In 1726, he constructed the steps which led to the Catholic shrine atop St Thomas Mount which still bears a slab commemorating Uscan's legacy. He also donated 1,500 pagodas for the maintenance of the steps.

== In service of the British East India Company ==

=== As Company Councillor ===

Uscan was appointed Company Councillor for the British East India Company. Uscan performed well in his newfound role, occasionally serving as the Company's envoy. In 1740, when the Raghuji Bhonsle of Nagpur invaded the Carnatic, Petrus Uscan was appointed the British envoy to negotiate peace with the Maratha general. Uscan negotiated with the Marathas and impressed the general so much that he even recognized British rule over Tiruchirappalli, Madras and Fort St David. On another occasion, Petrus Uscan succeeded in obtaining exclusive rights for the British of Madras to mint coins in their own name.
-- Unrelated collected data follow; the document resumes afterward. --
Lemma sinr_le_sum : 0 <= qf g W' <= qf g W -> 0 <= qf g S ->
  0 <= sinr g sigma W' S' <= sinr g sigma W S.
Proof.
move=> /andP[sig'_ge0 le_sig] noise_ge0.
have d_gt0 : 0 < sigma ^+ 2 by rewrite exprn_gt0.
have := ler_Re sig'_ge0; have := ler_Re le_sig; have := ler_Re noise_ge0.
rewrite /sinr S'E !qfE sformBm sformDm !raddfB raddfD -!qfE /=.
move=> noise_ge0' le_sig' sig'_ge0'; apply/andP; split.
  by rewrite divr_ge0 //; lra.
exact: ler_div_shift.
Qed.

End SecrecyRate.

Lemma secrecy_rate_mono (R : realType) L K (g : 'I_K.+2 -> 'cV[R[i]]_L)
    (sigma : 'I_K.+2 -> R) (W S W' S' : 'M[R[i]]_L) :
  sinr (g ord0) (sigma ord0) W' S' = sinr (g ord0) (sigma ord0) W S ->
  (forall k, 0 <= sinr (g k) (sigma k) W' S' <= sinr (g k) (sigma k) W S) ->
  secrecy_rate g sigma W S <= secrecy_rate g sigma W' S'.
Proof.
move=> eq_user le_eve; rewrite /secrecy_rate eq_user.
set u := sinr (g ord0) (sigma ord0) W S.
have le_term k : posp (log2 (1 + u) - log2 (1 + sinr (g k) (sigma k) W S)) <=
    posp (log2 (1 + u) - log2 (1 + sinr (g k) (sigma k) W' S')).
  have /andP[sinr'_ge0 le_sinr] := le_eve k.
  apply: le_max2 (lexx 0); apply: lerB (lexx _) _.
  by rewrite ler_log2 ?lerD2l // ltr_wpDr.
apply: (big_ind2 (fun x y => x <= y)) => [|x1 x2 y1 y2|k _];
  [exact: le_term | exact: le_min2 | exact: le_term].
Qed.

Lemma feasible_SDR2_sum (R : realType) N L K (U : 'M[R[i]]_(N, L))
    (g : 'I_K.+2 -> 'cV[R[i]]_L) sigs beta T (A Adth Adr : 'M[R[i]]_N)
    Gth Gr Q P zeta (W S W' S' : 'M[R[i]]_L) :
  W' + S' = W + S -> psd W' -> psd S' ->
  feasible_SDR2 U g sigs beta T A Adth Adr Gth Gr Q P zeta W S ->
  feasible_SDR2 U g sigs beta T A Adth Adr Gth Gr Q P zeta W' S'.
Proof.
move=> sum_eq psdW' psdS' [_ crb_ok eh_ok pow_ok _].
split.
- by split; [case: psdW' | case: psdS'].
- by rewrite /Rx sum_eq.
- by rewrite sum_eq.
- by rewrite sum_eq.
- by split.
Qed.

Theorem proposition1 (R : realType) (N L K T : nat)
    (U : 'M[R[i]]_(N, L)) (g : 'I_K.+2 -> 'cV[R[i]]_L) (sigma : 'I_K.+2 -> R)
    (sigs : R) (beta : R[i]) (A Adth Adr : 'M[R[i]]_N)
    (Gth Gr Q P zeta : R) (Ws Ss : 'M[R[i]]_L) :
  (1 <= L)%N -> (L <= N)%N -> (1 <= K)%N -> (1 <= T)%N ->
  adjm U *m U = 1%:M ->
  (forall k, 0 < sigma k) -> 0 < sigs -> beta != 0 ->
  0 < Gth -> 0 < Gr -> 0 <= Q -> 0 < P -> 0 < zeta -> zeta <= 1 ->
  (* (Ws, Ss) is an optimal solution of (SDR2) *)
  feasible_SDR2 U g sigs beta T A Adth Adr Gth Gr Q P zeta Ws Ss ->
  (forall W S : 'M[R[i]]_L,
      feasible_SDR2 U g sigs beta T A Adth Adr Gth Gr Q P zeta W S ->
      secrecy_rate g sigma W S <= secrecy_rate g sigma Ws Ss) ->
  0 < qf (g ord0) Ws ->
  let Wopt := (qf (g ord0) Ws)^-1 *: (Ws *m g ord0 *m adjm (g ord0) *m Ws) in
  let Sopt := Ws + Ss - Wopt in
  [/\ \rank Wopt = 1%N,
      feasible_P2 U g sigs beta T A Adth Adr Gth Gr Q P zeta Wopt Sopt,
      psd Sopt,
      secrecy_rate g sigma Wopt Sopt = secrecy_rate g sigma Ws Ss &
      (forall W S : 'M[R[i]]_L,
          feasible_SDR2 U g sigs beta T A Adth Adr Gth Gr Q P zeta W S ->
          secrecy_rate g sigma W S <= secrecy_rate g sigma Wopt Sopt) /\
      (forall W S : 'M[R[i]]_L,
          feasible_P2 U g sigs beta T A Adth Adr Gth Gr Q P zeta W S ->
          secrecy_rate g sigma W S <= secrecy_rate g sigma Wopt Sopt)].
Proof.
move=> _ _ _ _ _ sigma_gt0 _ _ _ _ _ _ _ _ feas opt user_pos Wopt Sopt.
have [[hermW _] _ _ _ [psdW psdS]] := feas.
have rankWopt : \rank Wopt = 1%N by exact: rank_rank_one_part.
have psdWopt : psd Wopt by exact: psd_rank_one_part.
have psdSopt : psd Sopt.
  by rewrite /Sopt addrAC; apply: psdD psdS; exact: psd_sub_rank_one_part.
have sum_eq : Wopt + Sopt = Ws + Ss by rewrite /Sopt addrC subrK.
have feasOpt := feasible_SDR2_sum sum_eq psdWopt psdSopt feas.
have rate_ge : secrecy_rate g sigma Ws Ss <= secrecy_rate g sigma Wopt Sopt.
  apply: secrecy_rate_mono => [|k].
    exact: sinr_eq_sum _ sum_eq (sform_rank_one_part_at user_pos).
  apply: sinr_le_sum (sigma_gt0 k) sum_eq _ (psdS.2 _).
  exact: sform_rank_one_part_bounds hermW user_pos _ psdW.
have rate_eq : secrecy_rate g sigma Wopt Sopt = secrecy_rate g sigma Ws Ss.
  by apply/le_anti/andP; split; [exact: opt feasOpt | exact: rate_ge].
split.
- exact: rankWopt.
- by split; last rewrite rankWopt.
- exact: psdSopt.
- exact: rate_eq.
- by split=> [W S|W S []] feasWS *; rewrite rate_eq; exact: opt.
Qed.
=== During French occupation ===

When the French occupied Madras in 1746, they seized Petrus Uscan's belongings and carried them off to Pondicherry. Uscan fled Madras and sought refuge in a Danish ship. Dupleix, then the governor of French India, offered him French protection and restoration of confiscated property in the name of the Capuchin chapel of Madras Armenians if Uscan shifted his loyalty to the French. However, Uscan gave a defiant reply that the Armenian tradition was to remain loyal to one's benefactors.

== Later life ==

When Madras reverted to British control in 1749, Petrus Uscan and one Mrs. Madeiros were the only Catholics permitted to reside in the Fort. Following the reestablishment of British rule over Madras, the Capuchin chapel in the Fort was destroyed by the British who felt that the chief Armenian priest had spied for the French. Petrus managed to retain Armenian hold over the Chapel of Our Lady of Miracles in Vepery for some time. But after his death, it was made over to Protestants and a suitable compensation provided to the Armenian community which previously owned it.

== Death ==

Petrus Uscan died in 1751 and was buried in the Chapel of Our Lady of Miracles, which he owned. On Protestant occupation of the site in the middle of the 18th century, they built an Anglican church over it. Petrus Uscan's tombstone was however left untouched and it remains to this day. There is a commemorative plaque in his name at the Marmalong bridge and the Armenian church in Chennai to this day.

== Legacy ==

The Armenian community of Madras gained prominence in the 17th century AD and exercised a significant amount of power and domination over early Madras till the middle of the 19th century. Coja Petrus Uscan who led the Armenian community of Madras from 1723 to 1751 is regarded as the greatest and most famous member of the community. The community has almost become extinct, yet its memory survives through Petrus Uscan's numerous endowments and works of charity.